Una norma che lo stesso governo ha poi inserito in un cosiddetto “pacchetto sicurezza” a novembre, approvato in Consiglio dei ministri, ma “mai arrivato in Parlamento”, denuncia la dem Serracchiani, che aggiunge: “Abbiamo chiesto di poter leggere il testo, ma ci è stato detto che non è disponibile. Un vero mistero”. Nessun giallo, assicura invece il sottosegretario leghista all’Interno Nicola Molteni: “Siamo pronti a discutere il provvedimento appena sarà calendarizzato”.

Debora Serracchiani

Oggi il numero maggiore di figli al seguito di madri detenute si trova negli Icam. Regolamentati dal 2011, questi istituti dovrebbero essere distaccati dai penitenziari, ma spesso si trovano al loro interno o nelle vicinanze. Hanno 60 posti in totale e rientrano a tutti gli effetti nel circuito penitenziario. In Italia ce ne sono cinque: a Cagliari, Lauro (provincia di Avellino), Milano,Torino e Venezia. Si distinguono dalle carceri tradizionali perché tentano di essere a misura di bambino: il personale non è in divisa, c’è massima mobilità all’interno e, con l’aiuto dei volontari, i bambini svolgono molte attività fuori.

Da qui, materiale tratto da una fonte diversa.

Lemma upper_line_disk (z v : 'I_n -> C) : (forall j, 0 < Im (z j)) ->
  exists2 d : R, 0 < d & forall s, normc s < d -> forall j, 0 < Im (z j + s * v j).
Proof.
move=> z_up; pose r j := Im (z j) / (normc (v j) + 1).
have nv_gt0 j : 0 < normc (v j) + 1 by rewrite ltr_wpDl ?normc_ge0.
exists (\big[Num.min/1]_j r j).
  by apply/bigmin_gtP; split => // j _; rewrite divr_gt0.
move=> s s_lt j; have := bigmin_le 1 j r; rewrite ler_pdivlMr // mulrDr mulr1 => le_d.
have := Im_ge_normcN (s * v j); rewrite normcM => Im_sv.
have : normc s * normc (v j) <= \big[Num.min/1]_j r j * normc (v j).
  by rewrite ler_wpM2r ?normc_ge0 // ltW.
have := normc_ge0 s; rewrite raddfD /=; lra.
Qed.

End UpperHalfSpace.

Section LineRestriction.
Variables (R : rcfType) (n : nat) (p : {mpoly R[i][n]}) (z v : 'I_n -> R[i]).
Local Notation C := R[i].

Definition line_monomial (m : 'X_{1..n}) : {poly C} :=
  \prod_j ((z j)%:P + v j *: 'X) ^+ m j.

Definition line_poly (c : 'X_{1..n} -> C) : {poly C} :=
  \sum_(m <- msupp p) (c m * p@_m) *: line_monomial m.

Lemma horner_line_poly c s :
  (line_poly c).[s] = (diag_op c p).@[fun j => z j + s * v j].
Proof.
rewrite meval_diag_op horner_sum; apply: eq_bigr => m _.
rewrite hornerZ horner_prod; congr (_ * _); apply: eq_bigr => j _.
by rewrite horner_exp hornerD hornerC hornerZ hornerX mulrC.
Qed.

Lemma size_line_poly c :
  (size (line_poly c) <= \max_(m <- msupp p) size (line_monomial m))%N.
Proof.
apply: leq_trans; first exact: size_sum.
apply/bigmax_leqP_seq => m m_supp _.
by apply: leq_trans (size_scale_leq _ _) _; apply: leq_bigmax_seq.
Qed.

Lemma horner_line_poly_exp (e : 'X_{1..n} -> nat) s y :
  (\sum_(m <- msupp p) (p@_m * (line_monomial m).[s]) *: 'X^(e m)).[y] =
  (line_poly (fun m => y ^+ e m)).[s].
Proof.
rewrite horner_sum /line_poly horner_sum; apply: eq_bigr => m _.
by rewrite !hornerZ hornerXn mulrC mulrA.
Qed.

End LineRestriction.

Ma gli Icam mantengono le caratteristiche di un carcere. Anche se alcuni sono organizzati in monolocali o bilocali autonomi, le stanze hanno le sbarre alle finestre, le porte si chiudono a una certa ora, non sono ammessi ospiti se non per i colloqui e si fa largo uso di videosorveglianza. All’Icam di Milano, il primo ad aprire nel 2006, queste storie sono diventate un libro. Si chiama ‘Mamma, dove siamo?’ Molto spesso, infatti, queste donne non hanno il coraggio di spiegare ai propri figli dove si trovano e perché sono in carcere. E così dicono bugie. Più sono reiterate e più si rischia di minare il rapporto con il proprio figlio.

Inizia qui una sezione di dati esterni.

(* Let $0<\gamma<1$ and let $\Pi$ be a deterministic communication protocol on $\{0,1\}^n\times\{0,1\}^n$ of depth $d$. Then there exists a $\gamma$-subcube-like protocol $\tilde\Pi$ (whose protocol tree need not be binary and may be undefined on some inputs) of depth at most $d$ and codimension $\mathrm{codim}(\tilde\Pi)\le \frac{7}{1-\gamma}\, d$ such that \[ \Pr_{(\bm x,\bm y)\sim\{0,1\}^n\times\{0,1\}^n}\big[\Pi(\bm x,\bm y)\ne\tilde\Pi(\bm x,\bm y)\big]\le e^{-d}, \] where inputs on which $\tilde\Pi$ is undefined count as disagreements.
   Context: A (generalized) protocol is a rooted tree in which each node $v$ is associated with a rectangle $R_v=X_v\times Y_v\subseteq\{0,1\}^n\times\{0,1\}^n$, the root with a subset of the full input space, and at each internal node one player partitions her/his side: the children's rectangles are of the form $X'\times Y_v$ (Alice speaks) or $X_v\times Y'$ (Bob speaks) and are disjoint; leaves are labelled with outputs, and $\tilde\Pi(x,y)$ is the label of the leaf containing $(x,y)$. Min-entropy: $\mathbf H_\infty(\bm x)=\min_x\log(1/\Pr[\bm x=x])$. A random $\bm x\in\{0,1\}^n$ is $\gamma$-spread if $\mathbf H_\infty(\bm x_I)\ge\gamma|I|$ for every $I\subseteq[n]$. It is $(I,\gamma)$-structured if $\bm x_I$ is constant (fixed to some $a_I$) with probability 1 and $\bm x_{[n]\setminus I}$ is $\gamma$-spread. A rectangle $X\times Y$ is $\gamma$-subcube-like w.r.t. $(I,J)$ if $\bm x\sim X$ (uniform) is $(I,\gamma)$-structured and $\bm y\sim Y$ is $(J,\gamma)$-structured; write $\mathrm{fix}(X)=I$, $\mathrm{fix}(Y)=J$ and $\mathrm{codim}(X\times Y)=|I|+|J|$. A protocol is $\gamma$-subcube-like if every node rectangle is $\gamma$-subcube-like; its codimension is the maximum codimension of its node rectangles. *)

From HB Require Import structures.
From mathcomp Require Import all_boot all_order all_algebra.
From mathcomp Require Import reals sequences exp.
Set Implicit Arguments. Unset Strict Implicit. Unset Printing Implicit Defensive.
Import Order.TTheory GRing.Theory Num.Theory.
Local Open Scope ring_scope.

Definition bits (n : nat) := {ffun 'I_n -> bool}.

Inductive dproto (n : nat) (O : Type) : Type :=
| DLeaf  of O
| DAlice of (bits n -> bool) & dproto n O & dproto n O  (* Alice sends f(x): false -> 1st, true -> 2nd *)
| DBob   of (bits n -> bool) & dproto n O & dproto n O. (* Bob sends g(y) *)

Fixpoint ddepth n O (p : dproto n O) : nat :=
  match p with
  | DLeaf _ => 0
  | DAlice _ p0 p1 | DBob _ p0 p1 => (maxn (ddepth p0) (ddepth p1)).+1
  end.

Fixpoint deval n O (p : dproto n O) (x y : bits n) : O :=
  match p with
  | DLeaf o => o
  | DAlice f p0 p1 => if f x then deval p1 x y else deval p0 x y
  | DBob g p0 p1 => if g y then deval p1 x y else deval p0 x y
  end.

(* Every node carries its rectangle X_v x Y_v; internal nodes record who speaks
   (true = Alice) and have an arbitrary (finite, nonempty) list of children. *)
Inductive gproto (n : nat) (O : Type) : Type :=
| GLeaf of {set bits n} & {set bits n} & O
| GNode of {set bits n} & {set bits n} & bool & seq (gproto n O).

Definition rX n O (p : gproto n O) : {set bits n} :=
  match p with GLeaf X _ _ | GNode X _ _ _ => X end.
Definition rY n O (p : gproto n O) : {set bits n} :=
  match p with GLeaf _ Y _ | GNode _ Y _ _ => Y end.

Fixpoint gwf n O (p : gproto n O) : Prop :=
  match p with
  | GLeaf _ _ _ => True
  | GNode X Y a cs =>
      cs <> [::] /\
      pairwise (fun c1 c2 : gproto n O =>
                  if a then [disjoint rX c1 & rX c2] else [disjoint rY c1 & rY c2]) cs /\
      (fix aux (l : seq (gproto n O)) : Prop :=
         match l with
         | [::] => True
         | c :: l' =>
             (if a then rY c = Y /\ rX c \subset X else rX c = X /\ rY c \subset Y)
             /\ gwf c /\ aux l'
         end) cs
  end.

Fixpoint gdepth n O (p : gproto n O) : nat :=
  match p with
  | GLeaf _ _ _ => 0
  | GNode _ _ _ cs =>
      ((fix aux (l : seq (gproto n O)) : nat :=
          match l with [::] => 0 | c :: l' => maxn (gdepth c) (aux l') end) cs).+1
  end.

Fixpoint gall n O (P : {set bits n} -> {set bits n} -> Prop) (p : gproto n O) : Prop :=
  match p with
  | GLeaf X Y _ => P X Y
  | GNode X Y _ cs =>
      P X Y /\
      (fix aux (l : seq (gproto n O)) : Prop :=
         match l with [::] => True | c :: l' => gall P c /\ aux l' end) cs
  end.

Fixpoint gmax n O (f : {set bits n} -> {set bits n} -> nat) (p : gproto n O) : nat :=
  match p with
  | GLeaf X Y _ => f X Y
  | GNode X Y _ cs =>
      maxn (f X Y)
        ((fix aux (l : seq (gproto n O)) : nat :=
            match l with [::] => 0 | c :: l' => maxn (gmax f c) (aux l') end) cs)
  end.

Fixpoint geval n O (p : gproto n O) (x y : bits n) : option O :=
  if (x \in rX p) && (y \in rY p) then
    match p with
    | GLeaf _ _ o => Some o
    | GNode _ _ _ cs =>
        (fix aux (l : seq (gproto n O)) : option O :=
           match l with
           | [::] => None
           | c :: l' => if geval c x y is Some o then Some o else aux l'
           end) cs
    end
  else None.

Section Entropy.
Variables (R : realType) (n : nat).

Definition prob_restr (X : {set bits n}) (S : {set 'I_n}) (a : bits n) : R :=
  #|[set x in X | [forall i in S, x i == a i]]|%:R / #|X|%:R.

(* H_oo(x_S) >= c, for x uniform on X : min over the values v of x_S in the
   support of log2 (1 / Pr[x_S = v]) is >= c (every support value arises as a_S
   for some a in X). *)
Definition minent_ge (X : {set bits n}) (S : {set 'I_n}) (c : R) : Prop :=
  forall a, a \in X -> c <= ln ((prob_restr X S a)^-1) / ln 2.

Definition spread_on (X : {set bits n}) (K : {set 'I_n}) (gamma : R) : Prop :=
  forall S : {set 'I_n}, S \subset K -> minent_ge X S (gamma * #|S|%:R).

Definition structured (X : {set bits n}) (I : {set 'I_n}) (gamma : R) : Prop :=
  X != set0 /\
  (exists a : bits n, forall x, x \in X -> forall i, i \in I -> x i = a i) /\
  spread_on X (~: I) gamma.

Definition subcube_like (X Y : {set bits n}) (gamma : R) : Prop :=
  exists I J : {set 'I_n}, structured X I gamma /\ structured Y J gamma.

End Entropy.

(* fix(X): the coordinates that are constant on X (for gamma > 0 and X
   (I,gamma)-structured this is exactly I). *)
Definition fixset n (X : {set bits n}) : {set 'I_n} :=
  [set i | [forall x in X, forall x' in X, x i == x' i]].

Definition codim n (X Y : {set bits n}) : nat := #|fixset X| + #|fixset Y|.

Definition gsubcube_like (R : realType) n O (gamma : R) (p : gproto n O) : Prop :=
  gall (fun X Y => subcube_like X Y gamma) p.

Definition gcodim n O (p : gproto n O) : nat := gmax (@codim n) p.

Definition disagree_prob (R : realType) n (O : eqType) (P : dproto n O) (Q : gproto n O) : R :=
  #|[set xy : bits n * bits n | geval Q xy.1 xy.2 != Some (deval P xy.1 xy.2)]|%:R
  / #|[set: bits n * bits n]|%:R.

(* Build the approximating protocol top-down, keeping the invariant
   that every rectangle X x Y is subcube-like and dense:
   beta ^ codim * 2 ^ (2n) <= M |X| |Y|  with  beta = 2 ^ (- gamma).
   At a node of Pi where Alice speaks, split X according to her message; inside each
   part T, repeatedly cut out a maximal restriction P of T that fixes some coordinates
   and is gamma-spread on the others (a density increment: P keeps a beta ^ k fraction
   of T for k newly fixed coordinates), recurse on P x Y, and discard what is left of T
   once T x Y is no longer dense.  Bob's nodes are Alice's nodes of the transposed
   protocol.  Density bounds the codimension by log2 M / (1 - gamma), and the discarded
   mass obeys an error budget that grows by a factor sqrt 8 per level of Pi; with
   M = 2 ^ (7d) the codimension is at most 7d / (1 - gamma) and the total error is at
   most sqrt 8 ^ d * 2 ^ (-7d/2) = 4 ^ (-d) <= e ^ (-d). *)

From Pilot Require Import Defs.
From HB Require Import structures.
From mathcomp Require Import all_boot all_order all_algebra.
From mathcomp Require Import reals sequences exp.
From mathcomp Require Import ring lra.
Import Order.TTheory GRing.Theory Num.Theory.
Local Open Scope ring_scope.
Set Implicit Arguments. Unset Strict Implicit. Unset Printing Implicit Defensive.

Section SqrtInequalities.
Variable R : rcfType.
Implicit Types p t a b q r m N : R.

Lemma sqrt_peel p t : 0 < p <= t ->
  p / Num.sqrt t + 2 * Num.sqrt (t - p) <= 2 * Num.sqrt t.
Proof.
case/andP=> p_gt0 p_le_t; have t_gt0 := lt_le_trans p_gt0 p_le_t.
have u_gt0 : 0 < Num.sqrt t by rewrite sqrtr_gt0.
have tE : Num.sqrt t ^+ 2 = t by rewrite sqr_sqrtr // ltW.
have sE : Num.sqrt (t - p) ^+ 2 = t - p by rewrite sqr_sqrtr // subr_ge0.
have s_ge0 := sqrtr_ge0 (t - p).
rewrite -(ler_pM2r u_gt0) mulrDl mulfVK ?gt_eqF //.
set u := Num.sqrt t in u_gt0 tE *; set s := Num.sqrt (t - p) in sE s_ge0 *.
have : 0 <= (u - s) ^+ 2 by rewrite sqr_ge0.
nra.
Qed.

Lemma sqrt8_add a b : 0 <= a -> 0 <= b ->
  2 * Num.sqrt a + 2 * Num.sqrt b <= Num.sqrt 8 * Num.sqrt (a + b).
Proof.
move=> a_ge0 b_ge0; have sa := sqrtr_ge0 a; have sb := sqrtr_ge0 b.
rewrite -sqrtrM ?ler0n // -[leLHS]ger0_norm ?addr_ge0 ?mulr_ge0 //.
rewrite -sqrtr_sqr ler_sqrt ?mulr_ge0 ?addr_ge0 //.
have aE : Num.sqrt a ^+ 2 = a by rewrite sqr_sqrtr.
have bE : Num.sqrt b ^+ 2 = b by rewrite sqr_sqrtr.
have : 0 <= (Num.sqrt a - Num.sqrt b) ^+ 2 by rewrite sqr_ge0.
nra.
Qed.

Lemma le_mul_sqrt_of_lt q r m N : 0 <= q -> 0 < m -> 0 <= N ->
  m * q < r * N ^+ 2 -> q <= N / Num.sqrt m * Num.sqrt (r * q).
Proof.
move=> q_ge0 m_gt0 N_ge0 lt_mq.
have r_ge0 : 0 <= r.
  have := le_lt_trans (mulr_ge0 (ltW m_gt0) q_ge0) lt_mq.
  have := sqr_ge0 N; nra.
have sm_gt0 : 0 < Num.sqrt m by rewrite sqrtr_gt0.
have le_sq : Num.sqrt q * Num.sqrt m <= N * Num.sqrt r.
  rewrite -sqrtrM // -[N]ger0_norm // -sqrtr_sqr -sqrtrM ?sqr_ge0 //.
  by rewrite ler_sqrt ?mulr_ge0 ?sqr_ge0 // mulrC [_ * r]mulrC ltW.
rewrite sqrtrM // mulrA -{1}[q]sqr_sqrtr // expr2 ler_wpM2r ?sqrtr_ge0 //.
by rewrite mulrAC ler_pdivlMr.
Qed.

End SqrtInequalities.

Fixpoint allp (T : Type) (P : T -> Prop) (s : seq T) : Prop :=
  if s is x :: s' then P x /\ allp P s' else True.

Lemma allp_cat T (P : T -> Prop) s1 s2 :
  allp P s1 -> allp P s2 -> allp P (s1 ++ s2).
Proof. by elim: s1 => [_|x s IHs [Px /IHs IHs2] /IHs2] //=. Qed.

Lemma sub_allp T (P Q : T -> Prop) s :
  (forall x, P x -> Q x) -> allp P s -> allp Q s.
Proof. by move=> PQ; elim: s => [|x s IHs [/PQ Qx /IHs]] //=. Qed.

Lemma allp_map T U (f : T -> U) (P : U -> Prop) s :
  allp P (map f s) <-> allp (fun x => P (f x)) s.
Proof. by elim: s => //= x s ->. Qed.

Section GprotoInd.
Variables (n : nat) (O : Type) (P : gproto n O -> Prop).
Hypothesis P_leaf : forall X Y o, P (GLeaf X Y o).
Hypothesis P_node : forall X Y a cs, allp P cs -> P (GNode X Y a cs).

Fixpoint gproto_nested_ind (p : gproto n O) : P p :=
  match p with
  | GLeaf X Y o => P_leaf X Y o
  | GNode X Y a cs =>
      P_node X Y a
        ((fix all_cs (cs : seq (gproto n O)) : allp P cs :=
            if cs is c :: cs' then conj (gproto_nested_ind c) (all_cs cs') else I) cs)
  end.

End GprotoInd.

Section GprotoNodes.
Variables (n : nat) (O : Type).
Implicit Types (X Y : {set bits n}) (p c : gproto n O) (cs : seq (gproto n O)).

Definition child_rect (a : bool) X Y c :=
  if a then rY c = Y /\ rX c \subset X else rX c = X /\ rY c \subset Y.

Definition disjoint_side (a : bool) c1 c2 :=
  if a then [disjoint rX c1 & rX c2] else [disjoint rY c1 & rY c2].

Lemma gwf_node X Y a cs :
  gwf (GNode X Y a cs) <->
  [/\ cs <> [::], pairwise (disjoint_side a) cs &
      allp (fun c => child_rect a X Y c /\ gwf c) cs].
Proof.
rewrite /=; split=> [[ne [pw wf]]|[ne pw wf]]; do ?split=> //;
  by elim: cs {ne pw} wf => //= c cs IH; rewrite /child_rect; tauto.
Qed.

Lemma gall_node (P : {set bits n} -> {set bits n} -> Prop) X Y a cs :
  gall P (GNode X Y a cs) <-> P X Y /\ allp (gall P) cs.
Proof. by rewrite /=; split=> -[PXY all_cs]; split=> //; elim: cs all_cs => //= c cs; tauto. Qed.

Lemma sub_gall (P Q : {set bits n} -> {set bits n} -> Prop) p :
  (forall X Y, P X Y -> Q X Y) -> gall P p -> gall Q p.
Proof.
move=> PQ; elim/gproto_nested_ind: p => [X Y o /PQ //|X Y a cs IHcs].
rewrite !gall_node => -[/PQ QXY allP]; split=> //.
by elim: cs IHcs allP => //= c cs IH [IHc /IH IHcs] [/IHc Qc /IHcs].
Qed.

Lemma gdepth_node X Y a cs :
  gdepth (GNode X Y a cs) = (foldr (fun c m => maxn (gdepth c) m) 0 cs).+1.
Proof. by rewrite /=; elim: cs => //= c cs [->]. Qed.

Lemma gmax_node (f : {set bits n} -> {set bits n} -> nat) X Y a cs :
  gmax f (GNode X Y a cs) = maxn (f X Y) (foldr (fun c m => maxn (gmax f c) m) 0 cs).
Proof. by rewrite /=; congr maxn; elim: cs => //= c cs ->. Qed.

Nel libro le figure che ogni giorno ruotano attorno ai bambini diventano così personaggi della fiaba: la casetta nel bosco è l’Icam, i folletti sono gli agenti della polizia penitenziaria, le fatine del bosco sono le educatrici. E poi c’è il tasso, che rappresenta la Giustizia. “ma perché mamma tu non verrai con me?” “Sai piccola, non sempre si può fare quello che si vuole. Esiste nel bosco un essere molto saggio, il Tasso, che decide quando le mamme dell’Icam possono uscire dalla porta magica”.